In consideration of the mutual terms and provisions of this
Agreement, and other good and valuable consideration, the receipt and
adequacy of which are hereby acknowledged, Precis and BOK agree as follows:
1. RECITALS. Precis is an integrated circuit card, or "smart card,"
application development firm, which has developed an application for smart
cards using a proprietary closed-area stored-value system, called
PrecisCache(TM) Precis has designed a PrecisCache(TM) application for
Oklahoma State University ("OSU") under which smart cards are issued
representing "OSU Spirit Cash" which may be redeemed for food, beverages and
merchandise at OSU athletic events (the "Program"). BOK desires to be a
sponsor of the Program, and Precis is willing to permit BOK to sponsor the
Program under the following circumstances.
2. DUTIES OF PRECIS. During the term of this Agreement, Precis shall
perform the following duties:
(a) CARDS. Precis shall produce and initialize 10,500 smart
cards for the Program (the "BOK Program Cards") bearing BOK's corporate logo,
subject to BOK's approval of the logo size, color and placement.
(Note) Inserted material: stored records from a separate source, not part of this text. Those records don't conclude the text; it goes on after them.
Definition param (b beta b1 g e1 e2 l a : R) : 'rV[R]_8 :=
  \row_(k < 8) nth 0 [:: b; beta; b1; g; e1; e2; l; a] k.

Lemma paramE p :
  p = param (pb p) (pbeta p) (pbeta1 p) (pgamma p) (peps1 p) (peps2 p) (plambda p) (palpha p).
Proof.
apply/rowP => k; rewrite mxE /pb /pbeta /pbeta1 /pgamma /peps1 /peps2 /plambda /palpha /prm.
have -> : (0 : 'I_1) = ord0 by apply: val_inj.
by case: k => [[|[|[|[|[|[|[|[|//]]]]]]]] k8] /=; congr (p _ _); apply: val_inj; rewrite /= inordK.
Qed.

Definition beta_rest (b g e1 e2 l s i : R) :=
  (b + g - g * i) / s + e2 - b - g - e2 * s + (e1 - e2 - l) * i.
Definition alpha_rest (b b1 e1 e2 l s i : R) :=
  b1 * s / i + e2 - e1 - b + (l - e2) * s + (e1 - e2) * i.

Definition rest_param (b b1 g e1 e2 l s i : R) :=
  param b (beta_rest b g e1 e2 l s i) b1 g e1 e2 l (alpha_rest b b1 e1 e2 l s i).

Definition fs_ds_rest (b g e2 s i : R) := - ((b + g - g * i) / s) - e2 * s.
Definition det_slope (b b1 g e2 l s i : R) := fs_ds_rest b g e2 s i * i - s * (b1 + (l - e2) * i).
Definition det_offset (b b1 g e2 l s i : R) :=
  fs_ds_rest b g e2 s i * (- (b1 * s / i) - e2 * i) + (g + (e2 + l) * s) * (b1 + (l - e2) * i).

Definition eps1_trace (b b1 g e2 s i : R) := e2 + (b1 * s / i - fs_ds_rest b g e2 s i) / i.
Definition eps1_det (b b1 g e2 l s i : R) := - det_offset b b1 g e2 l s i / det_slope b b1 g e2 l s i.
Definition lambda_det (b b1 g e2 s i : R) := e2 + (fs_ds_rest b g e2 s i * i - s * b1) / s / i.

Section AtRestPoint.
Variables (p : 'rV[R]_8) (s i : R).
Hypotheses (s0 : s != 0) (i0 : i != 0) (rest : rest_point p s i).

Local Notation b := (pb p).
Local Notation b1 := (pbeta1 p).
Local Notation g := (pgamma p).
Local Notation e1 := (peps1 p).
Local Notation e2 := (peps2 p).
Local Notation l := (plambda p).

Lemma pbeta_rest : pbeta p = beta_rest b g e1 e2 l s i.
Proof.
have [fs0 _] := rest; have : fs p s i = s * (beta_rest b g e1 e2 l s i - pbeta p).
  by rewrite /fs /beta_rest; field.
by rewrite fs0 => /esym/eqP; rewrite mulf_eq0 (negbTE s0) subr_eq0 eq_sym => /eqP.
Qed.

Lemma palpha_rest : palpha p = alpha_rest b b1 e1 e2 l s i.
Proof.
have [_ fi0] := rest; have : fi p s i = i * (alpha_rest b b1 e1 e2 l s i - palpha p).
  by rewrite /fi /alpha_rest; field.
by rewrite fi0 => /esym/eqP; rewrite mulf_eq0 (negbTE i0) subr_eq0 eq_sym => /eqP.
Qed.

Lemma rest_paramE : p = rest_param b b1 g e1 e2 l s i.
Proof. by rewrite {1}[p]paramE pbeta_rest palpha_rest. Qed.

Lemma jtr_rest : jtr p s i = i * (e1 - eps1_trace b b1 g e2 s i).
Proof.
rewrite /jtr /fs_ds /fi_di pbeta_rest palpha_rest /beta_rest /alpha_rest /eps1_trace /fs_ds_rest.
by field; rewrite i0 s0.
Qed.

Lemma jdet_rest : jdet p s i = det_offset b b1 g e2 l s i + det_slope b b1 g e2 l s i * e1.
Proof.
rewrite /jdet /fs_ds /fi_di /fs_di /fi_ds pbeta_rest palpha_rest /beta_rest /alpha_rest.
by rewrite /det_offset /det_slope /fs_ds_rest; field; rewrite i0 s0.
Qed.

Lemma det_slope_rest : det_slope b b1 g e2 l s i = s * i * (lambda_det b b1 g e2 s i - l).
Proof. by rewrite /det_slope /lambda_det; field; rewrite i0 s0. Qed.
End AtRestPoint.

Lemma rest_point_interior p s i : Omega p -> D1 (s, i) -> rest_point p s i -> 0 < s /\ 0 < i.
Proof.
move=> [pos _] [/= s0 [i0 si1]] [fs0 fi0].
have [b0 b10 g0] : [/\ 0 < pb p, 0 < pbeta1 p & 0 < pgamma p] by split; apply: pos.
have i_pos : 0 < i.
  rewrite lt_neqAle i0 andbT eq_sym; apply/eqP => i_0.
  have /eqP : pbeta1 p * s = 0 by rewrite -fi0 /fi i_0; ring.
  rewrite mulf_eq0 gt_eqF //= => /eqP s_0.
  have : pb p + pgamma p = 0 by rewrite -fs0 /fs s_0 i_0; ring.
  lra.
split => //; rewrite lt_neqAle s0 andbT eq_sym; apply/eqP => s_0.
have : pb p + pgamma p * (1 - i) = 0 by rewrite -fs0 /fs s_0; ring.
have : 0 <= pgamma p * (1 - i) by apply: mulr_ge0; [exact: ltW | lra].
lra.
Qed.
End RestParametrization.

Lemma exists_nat_bound (R : realType) (l : seq R) :
  exists m : nat, forall y, y \in l -> y <= m.+1%:R.
Proof.
elim: l => [|y l [m IH]]; first by exists 0%N.
exists (maxn m (Num.truncn y)) => x; rewrite inE => /orP[/eqP -> | /IH xm].
  by rewrite ltW // (lt_le_trans (truncnS_gt y)) // ler_nat ltnS leq_maxr.
by rewrite (le_trans xm) // ler_nat ltnS leq_maxl.
Qed.

Section Cover.
Variable R : realType.

Definition app7 {T : Type} (F : R -> R -> R -> R -> R -> R -> R -> T) (x : 'I_7 -> R) : T :=
  F (x (inord 0)) (x (inord 1)) (x (inord 2)) (x (inord 3)) (x (inord 4)) (x (inord 5))
    (x (inord 6)).

Lemma app7_seq {T : Type} (F : R -> R -> R -> R -> R -> R -> R -> T) (a0 a1 a2 a3 a4 a5 a6 : R) :
  app7 F (fun j => nth 0 [:: a0; a1; a2; a3; a4; a5; a6] j) = F a0 a1 a2 a3 a4 a5 a6.
Proof. by rewrite /app7 !inordK. Qed.

(* Coordinates 5 and 6 are s and i; bounding them below keeps 1/s and 1/i Lipschitz. *)
Definition in_box7 (m : nat) (x : 'I_7 -> R) :=
  [/\ forall j, 0 <= x j <= m.+1%:R, m.+1%:R^-1 <= x (inord 5) & m.+1%:R^-1 <= x (inord 6)].

Definition in_det_box (m : nat) (x : 'I_7 -> R) :=
  in_box7 m x /\ m.+1%:R^-1 <= `|app7 (@det_slope R) x|.

Definition trace_param := app7 (fun b b1 g e2 l s i =>
  rest_param b b1 g (eps1_trace b b1 g e2 s i) e2 l s i).

Definition det_param := app7 (fun b b1 g e2 l s i =>
  rest_param b b1 g (eps1_det b b1 g e2 l s i) e2 l s i).

Definition degenerate_det_param := app7 (fun b b1 g e1 e2 s i =>
  rest_param b b1 g e1 e2 (lambda_det b b1 g e2 s i) s i).

Lemma Omega1_cover p : Omega1 p -> exists m,
  (trace_param @` in_box7 m `|` det_param @` in_det_box m `|`
   degenerate_det_param @` in_box7 m) p.
Proof.
move=> [Op [s [i [D1si [rest /not_hyperbolicP nh]]]]].
have [s0 i0] := rest_point_interior Op D1si rest.
have pos k : 0 < prm p k by case: Op => pos _; exact: pos.
set c1 := det_slope (pb p) (pbeta1 p) (pgamma p) (peps2 p) (plambda p) s i.
set L := [:: pb p; pbeta1 p; pgamma p; peps1 p; peps2 p; plambda p; s; i; s^-1; i^-1; `|c1|^-1].
have [m mP] := exists_nat_bound L.
have inv_bound y : 0 < y -> y^-1 \in L -> m.+1%:R^-1 <= y.
  by move=> y0 /mP yL; rewrite -[leRHS]invrK lef_pV2 ?posrE ?invr_gt0.
have box a3 a4 : 0 < a3 -> 0 < a4 -> a3 \in L -> a4 \in L ->
    in_box7 m (fun j => nth 0 [:: pb p; pbeta1 p; pgamma p; a3; a4; s; i] j).
  move=> a30 a40 a3L a4L; split; rewrite ?inordK ?inv_bound ?inE ?eqxx ?orbT //.
  move=> [[|[|[|[|[|[|[|//]]]]]]] _] /=; apply/andP; split;
    by [apply: ltW => //; exact: pos | apply: mP; rewrite // /L !inE eqxx ?orbT].
have [sn0 in0] := (lt0r_neq0 s0, lt0r_neq0 i0).
have p_rest := rest_paramE sn0 in0 rest.
exists m; case: nh => [det0 | [tr0 _]].
- have [c1_0 | c1_neq0] := eqVneq c1 0.
    right; exists (fun j => nth 0 [:: pb p; pbeta1 p; pgamma p; peps1 p; peps2 p; s; i] j).
      by apply: box; first [exact: pos | rewrite /L !inE eqxx ?orbT].
    rewrite /degenerate_det_param app7_seq [in RHS]p_rest; congr rest_param.
    move/eqP: c1_0; rewrite /c1 det_slope_rest // !mulf_eq0 (negbTE sn0) (negbTE in0) /=.
    by rewrite subr_eq0 => /eqP.
  left; right; exists (fun j => nth 0 [:: pb p; pbeta1 p; pgamma p; peps2 p; plambda p; s; i] j).
    split; first by apply: box; first [exact: pos | rewrite /L !inE eqxx ?orbT].
    by rewrite app7_seq inv_bound ?normr_gt0 // /L !inE eqxx ?orbT.
  rewrite /det_param app7_seq [in RHS]p_rest; congr rest_param.
  move: det0; rewrite jdet_rest // => /eqP; rewrite addr_eq0 => /eqP off.
  by rewrite /eps1_det off -/c1 opprK mulrC mulKf.
left; left; exists (fun j => nth 0 [:: pb p; pbeta1 p; pgamma p; peps2 p; plambda p; s; i] j).
  by apply: box; first [exact: pos | rewrite /L !inE eqxx ?orbT].
rewrite /trace_param app7_seq [in RHS]p_rest; congr rest_param.
by move/eqP: tr0; rewrite jtr_rest // mulf_eq0 (negbTE in0) /= subr_eq0 => /eqP ->.
Qed.
End Cover.

Ltac bdd_lipschitz_tac leaf :=
  lazymatch goal with
  | |- bdd_lipschitz _ _ (fun x => @?f x + @?g x) =>
      apply: bdd_lipschitzD; bdd_lipschitz_tac leaf
  | |- bdd_lipschitz _ _ (fun x => @?f x * @?g x) =>
      apply: bdd_lipschitzM; bdd_lipschitz_tac leaf
  | |- bdd_lipschitz _ _ (fun x => - @?f x) => apply: bdd_lipschitzN; bdd_lipschitz_tac leaf
  | |- _ => first [exact: bdd_lipschitz_cst | leaf]
  end.

Section RestParamLipschitz.
Variables (R : realType) (X : Type) (dist : X -> X -> R) (S : set X).
Local Notation bl := (bdd_lipschitz dist S).
Variables (b b1 g e1 e2 l s i : X -> R).
Hypotheses (bl_b : bl b) (bl_b1 : bl b1) (bl_g : bl g) (bl_e1 : bl e1) (bl_e2 : bl e2)
  (bl_l : bl l) (bl_s : bl s) (bl_i : bl i)
  (bl_Vs : bl (fun x => (s x)^-1)) (bl_Vi : bl (fun x => (i x)^-1)).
The parties
have agreed with respect to size, color and placement of BOK's logo. At its
option, BOK may purchase for resale some or all of the BOK Program Cards
which have been produced and initialized upon payment of the aggregate face
value of denominations on the BOK Program Cards so purchased by BOK. BOK
Program Cards shall have value denominations and shall expire in accordance
with the terms of the Program.
(b) PROMOTION. Precis shall use its reasonable best efforts to
appropriately recognize BOK's sponsorship of the BOK Program Cards. Such
recognition shall include an indication of BOK's sponsorship in promotional
materials and events, if and when the BOK Program Cards are promoted in
materials or at events such as:
- Brochures distributed at athletic events and other OSU
related functions;
- Spirit Cash signage at concession stands;
- Signage at Spirit Cash promotional sites;
- Direct mail brochures in Posse Club packets;
- Press releases to local and national media, with a focus on
technology, banking and local press;
- Inserts in OSU athletic event programs;
- Public address announcements at OSU athletic events;
- Precis' web site on the Internet, with a link to BOK's web
site;
In performing its obligations herein, Precis shall have no obligation to
place any advertising in any media or to pay any license fees to BOK or
others in order to provide the above-described recognition. Precis shall use
the artwork supplied by BOK and shall be under no obligation to design
additional artwork on behalf of BOK.
3. DUTIES OF BOK. BOK shall provide camera ready artwork of the BOK
logo to be included on the BOK Program Cards. In addition, BOK shall
cooperate with Precis in approving the logo size, color and placement on the
BOK Program Cards. BOK shall have no obligation to provide any promotional
materials or to sell any of the BOK Program Cards.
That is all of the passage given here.